**Exercise directions**
Would you please output, word for word, the span of the listing below that opens on the line containing "From Stdlib Require Import Reals ZArith List ClassicalEpsilon." and closes on the line containing "sum_f_R0 (fun i"? Include both ends and nothing more.
** Opening Data extracts block **
(* Let $\mu_0\in\mathcal{P}(\mathbb{Z})$, $\varepsilon>0$ and $R\in\mathbb{N}$ with $R>R_{\mu_0}(\varepsilon)$. Then for all $n\in\mathbb{N}$ and all $w\in\Omega^{(0)}_n(\mu_0,2^{-R}\varepsilon)$, $|w_n|\le R+2\varepsilon n$.
   Context: $\overline{\mathbb{Z}}=\mathbb{Z}\cup\{\pm\infty\}$ with metric $d(h,k)=|\varphi(h)-\varphi(k)|$, $\varphi(\pm\infty)=\pm1$, $\varphi(k)=1-2^{-k}$ ($k\ge0$), $\varphi(k)=-1+2^{-|k|}$ ($k<0$). $\mathcal{P}(\mathbb{Z})$ is viewed inside $\mathcal{P}(\overline{\mathbb{Z}})$. For signed measures, $\|\nu\|=\sup\{\int f\,d\nu: f\text{ 1-Lipschitz for }d,\ \sup|f|\le1\}$; $B(\mu,\varepsilon)=\{\nu\in\mathcal{P}(\overline{\mathbb{Z}}):\|\nu-\mu\|<\varepsilon\}$. $\Omega^{(0)}_n$ is the set of $w=(w_1,\dots,w_n)\in\mathbb{Z}^n$ with $w_1=0$ and $|w_i-w_{i+1}|=1$; $\ell(w)=\frac1n\sum_{j}\delta_{w_j}$; $\Omega^{(0)}_n(\mu,\varepsilon)=\{w\in\Omega^{(0)}_n:\ell(w)\in B(\mu,\varepsilon)\}$. $R_{\mu_0}(\varepsilon)=\min\{R\in\mathbb{N}:\mu_0(\{-R+1,\dots,R-1\})>1-\varepsilon\}$. *)

From Stdlib Require Import Reals ZArith List ClassicalEpsilon.
From Coquelicot Require Import Coquelicot.
Open Scope R_scope.

Inductive zbar : Type := ZFin (k : Z) | ZPinf | ZNinf.

Definition phiZ (k : Z) : R :=
  if (0 <=? k)%Z then 1 - (/2) ^ (Z.to_nat k) else -1 + (/2) ^ (Z.to_nat (- k)).

Definition phi (x : zbar) : R :=
  match x with ZFin k => phiZ k | ZPinf => 1 | ZNinf => -1 end.

Definition dZbar (h k : zbar) : R := Rabs (phi h - phi k).

Definition BL1 (f : zbar -> R) : Prop :=
  (forall x, Rabs (f x) <= 1) /\ (forall h k, Rabs (f h - f k) <= dZbar h k).

Definition symsum (a : Z -> R) (N : nat) : R :=
  sum_f_R0 (fun i => a (Z.of_nat i - Z.of_nat N)%Z) (2 * N).

(* (signed) measures on the countable discrete space Zbar are represented by
   their weight functions nu : zbar -> R. *)
Definition finpart (nu : zbar -> R) : Z -> R := fun k => nu (ZFin k).

Definition integral (f : zbar -> R) (nu : zbar -> R) : R :=
  f ZPinf * nu ZPinf + f ZNinf * nu ZNinf
  + real (Lim_seq (symsum (fun k => f (ZFin k) * nu (ZFin k)))).

Definition probZbar (nu : zbar -> R) : Prop :=
  (forall x, 0 <= nu x) /\
  exists s, is_lim_seq (symsum (finpart nu)) s /\ nu ZPinf + nu ZNinf + s = 1.

Definition probZ (mu : Z -> R) : Prop :=
  (forall k, 0 <= mu k) /\ is_lim_seq (symsum mu) 1.

Definition embedZ (mu : Z -> R) : zbar -> R :=
  fun x => match x with ZFin k => mu k | _ => 0 end.

(* ||nu|| < delta, where ||nu|| = sup { ∫ f dnu : f ∈ BL1 } *)
Definition norm_lt (nu : zbar -> R) (delta : R) : Prop :=
  exists c, c < delta /\ forall f, BL1 f -> integral f nu <= c.

Definition inBall (nu mu : zbar -> R) (eps : R) : Prop :=
  probZbar nu /\ norm_lt (fun x => nu x - mu x) eps.

(* walks w = (w_1,...,w_n) represented as lists; w_1 = nth 0 w *)
Definition Omega0 (n : nat) (w : list Z) : Prop :=
  length w = n /\ (0 < n)%nat /\ nth 0 w 0%Z = 0%Z /\
  (forall i, (S i < n)%nat -> Z.abs (nth i w 0%Z - nth (S i) w 0%Z) = 1%Z).

Definition ell (w : list Z) : zbar -> R :=
  fun x => match x with
           | ZFin k => INR (count_occ Z.eq_dec w k) / INR (length w)
           | _ => 0 end.

Definition Omega0_ball (n : nat) (mu : Z -> R) (eps : R) (w : list Z) : Prop :=
  Omega0 n w /\ inBall (ell w) (embedZ mu) eps.

(* mu({-R+1,...,R-1}) *)
Definition massI (mu : Z -> R) (R0 : nat) : R :=
  match R0 with O => 0 | S r => symsum mu r end.

Definition Rgood (mu : Z -> R) (eps : R) (R0 : nat) : Prop := massI mu R0 > 1 - eps.

Definition R_mu (mu : Z -> R) (eps : R) : nat :=
  epsilon (inhabits 0%nat)
    (fun R0 => Rgood mu eps R0 /\ forall R', Rgood mu eps R' -> (R0 <= R')%nat).

(* The walk runs from 0 to w_n one unit at a time, so it visits every site
   between 0 and w_n; hence the empirical measure l(w) gives mass at least
   (|w_n| + 1 - R)/n to the tail {|k| >= R}.  Testing the ball condition
   against the 1-Lipschitz function 2^-R * 1_{|k| >= R} (Lipschitz because
   phi separates {|k| < R} from {|k| >= R} by at least 2^-R) bounds that mass
   by eps + mu0({|k| >= R}) < 2 eps when R > R_mu0(eps). *)

From Stdlib Require Import Reals ZArith List Lia Lra Wf_nat ClassicalEpsilon Classical.
From Coquelicot Require Import Coquelicot.
Open Scope R_scope.

Lemma symsum_0 (a : Z -> R) : symsum a 0 = a 0%Z.
Proof. reflexivity. Qed.

Lemma symsum_S (a : Z -> R) (N : nat) :
  symsum a (S N) = symsum a N + a (- Z.of_nat (S N))%Z + a (Z.of_nat (S N)).
Proof.
  unfold symsum.
  replace (2 * S N)%nat with (S (S (2 * N))) by lia.
  rewrite decomp_sum by lia; cbn [Init.Nat.pred]; rewrite tech5.
  rewrite (sum_eq _ (fun i => a (Z.of_nat i - Z.of_nat N)%Z)).
  2:{ intros i _; f_equal; lia. }
  replace (Z.of_nat 0 - Z.of_nat (S N))%Z with (- Z.of_nat (S N))%Z by lia.
  replace (Z.of_nat (S (S (2 * N))) - Z.of_nat (S N))%Z with (Z.of_nat (S N)) by lia.
  lra.
Qed.

Lemma symsum_ext (a b : Z -> R) (N : nat) :
  (forall k, a k = b k) -> symsum a N = symsum b N.
Proof. intros Hab; apply sum_eq; intros i _; apply Hab. Qed.

Lemma symsum_minus (a b : Z -> R) (N : nat) :
  symsum (fun k => a k - b k) N = symsum a N - symsum b N.
Proof. apply minus_sum. Qed.

Lemma symsum_scal (c : R) (a : Z -> R) (N : nat) :
  symsum (fun k => c * a k) N = c * symsum a N.
Proof.
  unfold symsum; rewrite scal_sum; apply sum_eq; intros i _; ring.
Qed.

Lemma symsum_ge0 (a : Z -> R) (N : nat) : (forall k, 0 <= a k) -> 0 <= symsum a N.
Proof. intros Ha; apply cond_pos_sum; intros i; apply Ha. Qed.

Lemma symsum_le (a : Z -> R) (N K : nat) :
  (forall k, 0 <= a k) -> (N <= K)%nat -> symsum a N <= symsum a K.
Proof.
  intros Ha HNK; induction HNK as [|K _ IH]; [lra|].
  rewrite symsum_S.
  pose proof (Ha (- Z.of_nat (S K))%Z); pose proof (Ha (Z.of_nat (S K))); lra.
Qed.

Lemma symsum_stationary (a : Z -> R) (n N : nat) :
  (forall k, (Z.of_nat n <= Z.abs k)%Z -> a k = 0) -> (n <= N)%nat ->
  symsum a N = symsum a n.
Proof.
  intros Ha HnN; induction HnN as [|N HnN IH]; [reflexivity|].
  rewrite symsum_S, IH, !Ha by lia; ring.
Qed.

Lemma massI_le (mu : Z -> R) (R1 R2 : nat) :
  (forall k, 0 <= mu k) -> (R1 <= R2)%nat -> massI mu R1 <= massI mu R2.
Proof.
  intros Hmu H12; destruct R1 as [|r1], R2 as [|r2]; simpl; try lia || lra.
  - apply symsum_ge0, Hmu.
  - apply symsum_le; [exact Hmu | lia].
Qed.

Lemma Rgood_exists (mu : Z -> R) (eps : R) :
  probZ mu -> 0 < eps -> exists R0, Rgood mu eps R0.
Proof.
  intros [_ Hlim] Heps; apply is_lim_seq_Reals in Hlim.
  destruct (Hlim eps Heps) as [N HN]; specialize (HN N (le_n N)).
  exists (S N); unfold Rgood, massI, R_dist in *; revert HN; split_Rabs; lra.
Qed.

Lemma R_mu_good (mu : Z -> R) (eps : R) :
  probZ mu -> 0 < eps -> Rgood mu eps (R_mu mu eps).
Proof.
  intros Hmu Heps.
  destruct (dec_inh_nat_subset_has_unique_least_element (Rgood mu eps)
              (fun R0 => classic _) (Rgood_exists mu eps Hmu Heps)) as [R0 [HR0 _]].
  exact (proj1 (epsilon_spec (inhabits 0%nat)
                 (fun R1 => Rgood mu eps R1 /\ forall R', Rgood mu eps R' -> (R1 <= R')%nat)
                 (ex_intro _ R0 HR0))).
Qed.

Lemma massI_gt (mu : Z -> R) (eps : R) (R0 : nat) :
  probZ mu -> 0 < eps -> (R_mu mu eps <= R0)%nat -> 1 - eps < massI mu R0.
Proof.
  intros Hmu Heps HR0.
  pose proof (R_mu_good mu eps Hmu Heps) as Hgood; unfold Rgood in Hgood.
  pose proof (massI_le mu _ _ (proj1 Hmu) HR0); lra.
Qed.

Definition tail_ind (R0 : nat) (x : zbar) : R :=
  match x with
  | ZFin k => if (Z.of_nat R0 <=? Z.abs k)%Z then 1 else 0
  | _ => 1
  end.

Definition tail_test (R0 : nat) (x : zbar) : R := (/2) ^ R0 * tail_ind R0 x.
** Closing Data extracts block **
**Response**
From Stdlib Require Import Reals ZArith List ClassicalEpsilon.
From Coquelicot Require Import Coquelicot.
Open Scope R_scope.

Inductive zbar : Type := ZFin (k : Z) | ZPinf | ZNinf.

Definition phiZ (k : Z) : R :=
  if (0 <=? k)%Z then 1 - (/2) ^ (Z.to_nat k) else -1 + (/2) ^ (Z.to_nat (- k)).

Definition phi (x : zbar) : R :=
  match x with ZFin k => phiZ k | ZPinf => 1 | ZNinf => -1 end.

Definition dZbar (h k : zbar) : R := Rabs (phi h - phi k).

Definition BL1 (f : zbar -> R) : Prop :=
  (forall x, Rabs (f x) <= 1) /\ (forall h k, Rabs (f h - f k) <= dZbar h k).

Definition symsum (a : Z -> R) (N : nat) : R :=
  sum_f_R0 (fun i => a (Z.of_nat i - Z.of_nat N)%Z) (2 * N).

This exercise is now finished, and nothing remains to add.